# BEAM Lab Languages
Linguistic metadata for human languages: grammatical gender, writing direction, canonical and native names, and BCP 47 normalization. Curated, compile-time data with zero runtime dependencies.
Sibling library to [`beamlab_countries`](https://hex.pm/packages/beamlab_countries) — `beamlab_countries` knows where languages are spoken, `beamlab_languages` knows what they are like.
## What it answers
- "Does Russian use grammatical gender?

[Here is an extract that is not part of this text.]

(* Let $n,g,k,t$ be positive integers with $t\le k$. If there exist an orthogonal array OA$(t,k,g)$ and a large set with multiplicity LS$(t,k,n;g^{k-t})$, then there exists a large set of H-designs LH$(n,g,k,t)$.
   Context: A Steiner system S$(t,k,n)$ is a pair $(Q,B)$ where $Q$ is an $n$-set and $B$ is a collection of $k$-subsets (blocks) of $Q$ such that every $t$-subset of $Q$ is contained in exactly one block. A large set with multiplicity $\mu$, LS$(t,k,n;\mu)$, is a family (the same system may occur more than once) of Steiner systems S$(t,k,n)$ on a common $n$-set $Q$ such that every $k$-subset of $Q$ is a block of exactly $\mu$ of the systems. An orthogonal array OA$(t,k,g)$ is a $g^t\times k$ matrix with entries from $\mathbb{Z}_g$ such that in the submatrix formed by any $t$ columns each ordered $t$-tuple over $\mathbb{Z}_g$ occurs exactly once as a row. An H-design H$(n,g,k,t)$ is a triple $(Q,G,B)$ where $Q$ is a set of $ng$ points, $G$ is a partition of $Q$ into $n$ groups of size $g$, and $B$ is a set of $k$-subsets of $Q$ (blocks) such that each block meets each group in at most one point and any $t$ points from $t$ distinct groups lie in exactly one block. A large set of H-designs LH$(n,g,k,t)$ is a partition of the set of all $k$-subsets of $Q$ meeting each group in at most one point into pairwise disjoint block sets, each forming an H-design H$(n,g,k,t)$ with the same $Q$ and $G$. *)

From mathcomp Require Import all_boot.
Unset Printing Implicit Defensive.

If so, what genders?"
- "Is Arabic written right-to-left?"
- "What's the canonical English name of `fr`? The endonym?"
- "Does the user's locale string `en-US` collapse to a base I can use as a key?"
## Installation
```elixir
defp deps do
[
{:beamlab_languages, "~> 0.1"}
]
end
```
Then `mix deps.get`.
## Quick start
```elixir
BeamlabLanguages.has_gender?("fr")
# true
BeamlabLanguages.genders("de")
# ["m", "f", "n"]
BeamlabLanguages.direction("ar")
# :rtl
BeamlabLanguages.name("ja")
# "Japanese"
BeamlabLanguages.native_name("ja")
# "日本語"
BeamlabLanguages.normalize("en-US")
# "en"
BeamlabLanguages.get("fr")
# %BeamlabLanguages.Language{
# code: "fr",
# name: "French",
# native_name: "Français",
# direction: :ltr,
# has_gender: true,
# genders: ["m", "f"]
# }
```
Every function that takes a language code runs `normalize/1` internally, so `"en-US"`, `"FR"`, and `" fr "` all work. Predicates (`has_gender?/1`, `known?/1`) return `false` for `nil` or unknown input rather than raising — handy in form-validation paths.
## Documentation
Full API docs at [HexDocs](https://hexdocs.pm/beamlab_languages).
## Coverage
v1 covers 50+ languages: the top-spoken languages worldwide plus all CEFR / JLPT / HSK targets. The data lives in `priv/data/languages.json` — open a PR to add more or correct an entry.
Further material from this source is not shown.